EL TEMPLO DE LOS SENTIDOS – 6

Aprendí que no se puede dar marcha atrás,

la esencia de la vida es ir hacia adelante.

La vida, en realidad, es una calle con un sentido único.

(Agatha Christie)

CAPÍTULO 6: La residencia

Laura

Sumergida en la bañera, desnuda, con los ojos cubiertos por un suave pañuelo de seda, intento relajarme, dejándome envolver por el suave aroma a rosas que desprenden las sales de baño y, sin proponérmelo, me dejo transportar hasta aquel lejano verano que pasé en casa de Judith.

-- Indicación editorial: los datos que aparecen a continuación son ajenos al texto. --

(* Let $(G,d_G)$ be a connected finite metric graph and let $r\in G$. For $\alpha>0$ let $N_E(\alpha)$ denote the number of edges of $G$ of length at most $\alpha$. Then for any $d>0$ and any connected component $B$ of the set $B_{d,\alpha}=\{x\in G: d-\alpha\le d_G(r,x)\le d+\alpha\}$, \[ \operatorname{diam}(B)\le 4\,(2+N_E(4\alpha))\,\alpha, \] where the diameter is taken with respect to $d_G$.
   Context: A finite metric graph is the geometric realization of a finite 1-dimensional simplicial complex in which each edge is identified with a real segment $[a,b]$ (its length being $b-a$), endowed with the unique path metric $d_G$ whose restriction to each edge is the standard metric of the segment. *)

From HB Require Import structures.
From mathcomp Require Import all_boot all_order all_algebra.
From mathcomp Require Import boolp classical_sets reals.
Set Implicit Arguments. Unset Strict Implicit. Unset Printing Implicit Defensive.
Import Order.TTheory GRing.Theory Num.Theory.
Local Open Scope ring_scope.
Local Open Scope classical_set_scope.

(* A finite metric graph: the geometric realization of a finite 1-dimensional
   simplicial complex (vertices V, edges E, no loops, no multiple edges),
   edge e identified with the segment [0, len e] (src e at 0, dst e at len e). *)
Record mgraph (R : realType) := MGraph {
  V : finType;
  E : finType;
  src : E -> V;
  dst : E -> V;
  len : E -> R;
  len_gt0 : forall e, 0 < len e;
  src_neq_dst : forall e, src e != dst e;
  simple : forall e e', [set src e; dst e]%SET = [set src e'; dst e']%SET -> e = e' }.

Section MG.
Variables (R : realType) (G : mgraph R).

(* Points of the geometric realization, in canonical form:
   a vertex, or an interior gpoint of an edge at parameter t in ]0, len e[. *)
Inductive gpoint := PV of V G | PE of E G & R.

Definition inG (x : gpoint) : Prop :=
  match x with PV _ => True | PE e t => 0 < t < len e end.

Definition step_start (s : E G * bool) := if s.2 then src s.1 else dst s.1.
Definition step_end (s : E G * bool) := if s.2 then dst s.1 else src s.1.

Fixpoint walk (u v : V G) (p : seq (E G * bool)) : bool :=
  match p with
  | [::] => u == v
  | s :: p' => (step_start s == u) && walk (step_end s) v p'
  end.

Definition weight (p : seq (E G * bool)) : R := \sum_(s <- p) len s.1.

Definition dV (u v : V G) : R :=
  inf [set w | exists p, walk u v p /\ w = weight p].

Definition graph_connected : Prop := forall u v : V G, exists p, walk u v p.

(* The path metric d_G on the realization (shortest-path metric). *)
Definition dist (x y : gpoint) : R :=
  match x, y with
  | PV u, PV v => dV u v
  | PV u, PE e t => Num.min (dV u (src e) + t) (dV u (dst e) + (len e - t))
  | PE e t, PV v => Num.min (t + dV (src e) v) ((len e - t) + dV (dst e) v)
  | PE e t, PE e' t' =>
      let via := Num.min
        (Num.min (t + dV (src e) (src e') + t')
                 (t + dV (src e) (dst e') + (len e' - t')))
        (Num.min ((len e - t) + dV (dst e) (src e') + t')
                 ((len e - t) + dV (dst e) (dst e') + (len e' - t'))) in
      if e == e' then Num.min `|t - t'| via else via
  end.

Definition gopen (U : set gpoint) : Prop :=
  forall x, inG x -> U x ->
    exists2 eps : R, 0 < eps & forall y, inG y -> dist x y < eps -> U y.

Definition gconnected (A : set gpoint) : Prop :=
  forall U W : set gpoint, gopen U -> gopen W ->
    A `<=` U `|` W -> A `&` U `&` W = set0 -> A `<=` U \/ A `<=` W.

Definition is_component (S B : set gpoint) : Prop :=
  [/\ B `<=` S, B !=set0, gconnected B &
      forall C, B `<=` C -> C `<=` S -> gconnected C -> C = B].

Definition NE (a : R) : nat := #|[set e : E G | len e <= a]%SET|.

Definition annulus (r : gpoint) (d alpha : R) : set gpoint :=
  [set x | inG x /\ d - alpha <= dist r x <= d + alpha].

End MG.

From HB Require Import structures.
From mathcomp Require Import all_boot all_order all_algebra.
From mathcomp Require Import boolp classical_sets reals.
From mathcomp Require Import lra.
Set Implicit Arguments. Unset Strict Implicit. Unset Printing Implicit Defensive.
Import Order.TTheory GRing.Theory Num.Theory.
Local Open Scope ring_scope.
Local Open Scope classical_set_scope.

(* Along an edge the distance to [r] is piecewise linear with slopes [+-1],
   and its only local minimum is at [r] itself; hence every subsegment of an
   edge lying in the annulus [d - alpha <= d_G(r, .) <= d + alpha] has length
   at most [4 * alpha], and two close enough points of the annulus on a common
   edge are joined by such a subsegment.  So the points of the annulus reached
   from a fixed [x] by chains of these subsegments form, together with the
   points outside the annulus, an open set whose complement is open too: a
   component [B] containing [x] is thus made of reachable points.  A chain
   either stays in one edge, or runs along part of an edge to a vertex,
   through a walk of edges contained in the annulus, and along part of an edge
   again.  The walk can be taken without repeated edges, each of length at
   most [4 * alpha], whence
   [d_G(x, y) <= 4 * alpha + 4 * alpha * N_E(4 * alpha) + 4 * alpha]. *)

Lemma minr_cases {R : realDomainType} (x y : R) :
  (Num.min x y = x /\ x <= y) \/ (Num.min x y = y /\ y <= x).
Proof. by case: (leP x y) => h; [left|right]; split => //; exact: ltW. Qed.

Lemma maxr_cases {R : realDomainType} (x y : R) :
  (Num.max x y = y /\ x <= y) \/ (Num.max x y = x /\ y <= x).
Proof. by case: (leP x y) => h; [left|right]; split => //; exact: ltW. Qed.

Lemma normr_cases {R : realDomainType} (x : R) :
  (`|x| = x /\ 0 <= x) \/ (`|x| = - x /\ x <= 0).
Proof.
case: (lerP 0 x) => h; [left|right]; split => //; last exact: ltW.
  by rewrite ger0_norm.
by rewrite ltr0_norm.
Qed.

(* Replaces every [Num.min]/[Num.max] of the goal by a fresh variable together
   with its two defining cases, so that [lra] can finish. *)
Ltac case_minmax := repeat match goal with
  | |- context [Num.min ?a ?b] =>
      let m := fresh "m" in have := minr_cases a b; set m := Num.min a b; clearbody m
  | |- context [Num.max ?a ?b] =>
      let m := fresh "m" in have := maxr_cases a b; set m := Num.max a b; clearbody m
  end.

Section EdgeProfile.
Variable R : realType.
Implicit Types (L a b s u v lo hi eps : R).

(* The distance from a base point to the point at parameter [s] of an edge of
   length [L] whose endpoints lie at distances [a] and [b]; [t0] is the
   parameter of the base point when it lies on the edge, and otherwise a
   nonpositive dummy that makes the first term redundant. *)
Definition edge_profile L t0 a b s : R :=
  Num.min `|s - t0| (Num.min (s + a) (L - s + b)).

Lemma edge_profile_le_dist L t0 a b s : edge_profile L t0 a b s <= `|s - t0|.
Proof. by rewrite /edge_profile ge_min lexx. Qed.

Lemma edge_profile_cases L t0 a b s :
  edge_profile L t0 a b s = `|s - t0| \/ edge_profile L t0 a b s = s + a \/
  edge_profile L t0 a b s = L - s + b.
Proof.
rewrite /edge_profile; case: (minr_cases (s + a) (L - s + b)) => -[-> _].
  by case: (minr_cases `|s - t0| (s + a)) => -[-> _]; tauto.
by case: (minr_cases `|s - t0| (L - s + b)) => -[-> _]; tauto.
Qed.

Lemma edge_profile_lipschitz L t0 a b s s' :
  edge_profile L t0 a b s' <= edge_profile L t0 a b s + `|s - s'|.
Proof.
have [h1 h2 h3] : [/\ edge_profile L t0 a b s' <= `|s' - t0|,
    edge_profile L t0 a b s' <= s' + a & edge_profile L t0 a b s' <= L - s' + b].
  by split; rewrite /edge_profile !ge_min lexx ?orbT.
have h4 : `|s' - t0| <= `|s - t0| + `|s - s'|.
  by rewrite (_ : s' - t0 = (s - t0) - (s - s')) ?ler_normB //; lra.
have := ler_norml (s - s') `|s - s'|; rewrite lexx => /esym/andP[h5 h6].
by case: (edge_profile_cases L t0 a b s) => [->|[->|->]]; lra.
Qed.

Lemma exists_pos_gap (xs : seq R) :
  exists2 e, 0 < e & forall x, x \in xs -> x <= 0 \/ e <= x.
Proof.
elim: xs => [|y xs [e he H]]; first by exists 1.
case: (lerP y 0) => hy.
  by exists e => // x; rewrite inE => /orP[/eqP->|/H]; [left|].
exists (Num.min y e); first by rewrite lt_min hy he.
move=> x; rewrite inE => /orP[/eqP->|/H[]]; [by right; rewrite ge_min lexx|by left|].
by move=> h; right; rewrite ge_min h orbT.
Qed.

(* The profile can exceed [hi] strictly inside [u, v] only around one of its
   local maxima, of heights [(L + a + b) / 2], [(t0 + a) / 2] and
   [(L + b - t0) / 2]; having slopes [+-1], it does so on an interval of width
   twice the excess. *)
Lemma edge_profile_le_between L t0 a b hi eps u v s :
  0 < eps ->
  ((L + a + b) / 2 - hi <= 0 \/ eps <= (L + a + b) / 2 - hi) ->
  ((t0 + a) / 2 - hi <= 0 \/ eps <= (t0 + a) / 2 - hi) ->
  ((L + b - t0) / 2 - hi <= 0 \/ eps <= (L + b - t0) / 2 - hi) ->
  u <= s <= v -> v - u < eps ->
  edge_profile L t0 a b u <= hi -> edge_profile L t0 a b v <= hi ->
  edge_profile L t0 a b s <= hi.
Proof.
move=> He H1 H2 H3 /andP[Hus Hsv] Huv Hu Hv; rewrite leNgt; apply/negP.
rewrite /edge_profile !lt_min !ltr_normr => /andP[/orP Hs1 /andP[Hs2 Hs3]].
move: Hu Hv; rewrite /edge_profile !ge_min !ler_norml.
move=> /orP[/andP[Hu1 Hu2]|/orP[Hu|Hu]] /orP[/andP[Hv1 Hv2]|/orP[Hv|Hv]];
  case: Hs1 => Hs1; lra.
Qed.

(* Similarly the profile can drop below [lo] only around its zero [t0]. *)
Lemma edge_profile_ge_between L t0 a b lo eps u v s :
  0 < eps -> (lo <= 0 \/ eps <= lo) ->
  u <= s <= v -> v - u < eps ->
  lo <= edge_profile L t0 a b u -> lo <= edge_profile L t0 a b v ->
  lo <= edge_profile L t0 a b s.
Proof.
move=> He H1 /andP[Hus Hsv] Huv; rewrite /edge_profile !le_min !ler_normr.
move=> /andP[/orP Hu1 /andP[Hu2 Hu3]] /andP[/orP Hv1 /andP[Hv2 Hv3]].
apply/and3P; split; [|lra|lra].
case: H1 => H1; first by have := normr_ge0 (s - t0); lra.
by apply/orP; case: Hu1 => Hu1; case: Hv1 => Hv1; lra.
Qed.

Lemma edge_profile_band_local L t0 a b lo hi : exists2 eps, 0 < eps &
  forall u v s, u <= s <= v -> v - u < eps ->
    lo <= edge_profile L t0 a b u <= hi -> lo <= edge_profile L t0 a b v <= hi ->
    lo <= edge_profile L t0 a b s <= hi.
Proof.
have [e he H] := exists_pos_gap [:: (L + a + b) / 2 - hi; (t0 + a) / 2 - hi;
   (L + b - t0) / 2 - hi; lo].
exists e => // u v s Hs Huv /andP[Hu1 Hu2] /andP[Hv1 Hv2]; apply/andP; split.
  by apply: (edge_profile_ge_between he _ Hs Huv) => //; apply: H; rewrite !inE eqxx !orbT.
by apply: (edge_profile_le_between he _ _ _ Hs Huv) => //; apply: H; rewrite !inE eqxx ?orbT.
Qed.

Lemma tent_band_width (c K lo hi u v : R) : u <= v ->
  (forall s, u <= s <= v -> lo <= Num.min (s + c) (K - s) <= hi) ->
  v - u <= 2 * (hi - lo).
Proof.
move=> huv H.
have /andP[Hu1 Hu2] : lo <= Num.min (u + c) (K - u) <= hi by apply: H; rewrite lexx huv.
have /andP[Hv1 Hv2] : lo <= Num.min (v + c) (K - v) <= hi by apply: H; rewrite lexx huv.
move: Hu1 Hu2 Hv1 Hv2; rewrite !le_min !ge_min.
move=> /andP[Hu1 Hu3] /orP Hu2 /andP[Hv1 Hv3] /orP Hv2.
case: (lerP ((K - c) / 2) u) => hp1; first by case: Hu2; case: Hv2; lra.
case: (lerP v ((K - c) / 2)) => hp2; first by case: Hu2; case: Hv2; lra.
have /andP[_] : lo <= Num.min ((K - c) / 2 + c) (K - (K - c) / 2) <= hi.
  by apply: H; rewrite (ltW hp1) (ltW hp2).
by rewrite ge_min => /orP[]; lra.
Qed.

Lemma edge_profile_right L t0 a b s : t0 <= s ->
  edge_profile L t0 a b s = Num.min (s + Num.min (- t0) a) (L + b - s).
Proof. by move=> hs; rewrite /edge_profile ger0_norm ?subr_ge0 //; case_minmax; lra. Qed.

Acababa de cumplir doce años cuando diagnosticaron una apendicitis a mamá, por lo que, Magda, su mejor amiga le propuso que me dejasen veranear en su casa mientras la operaban y se recuperaba. Para mí era como ir a esas colonias que mis amigas me explicaban, aunque a mí nunca me habían dejado ir con la excusa de que no comía bien, aunque sé que era porque mamá me protegía exageradamente.

Mis padres y yo residíamos en un pequeño piso en el centro de la ciudad, mientras que la familia de Judith vivía en una casa de tres plantas en un pueblo cercano. Al contrario que nosotros, ellos eran muchos, los abuelos maternos, los padres, dos hermanos mayores que Judith, ella y su hermano menor, que se llevaba un año conmigo.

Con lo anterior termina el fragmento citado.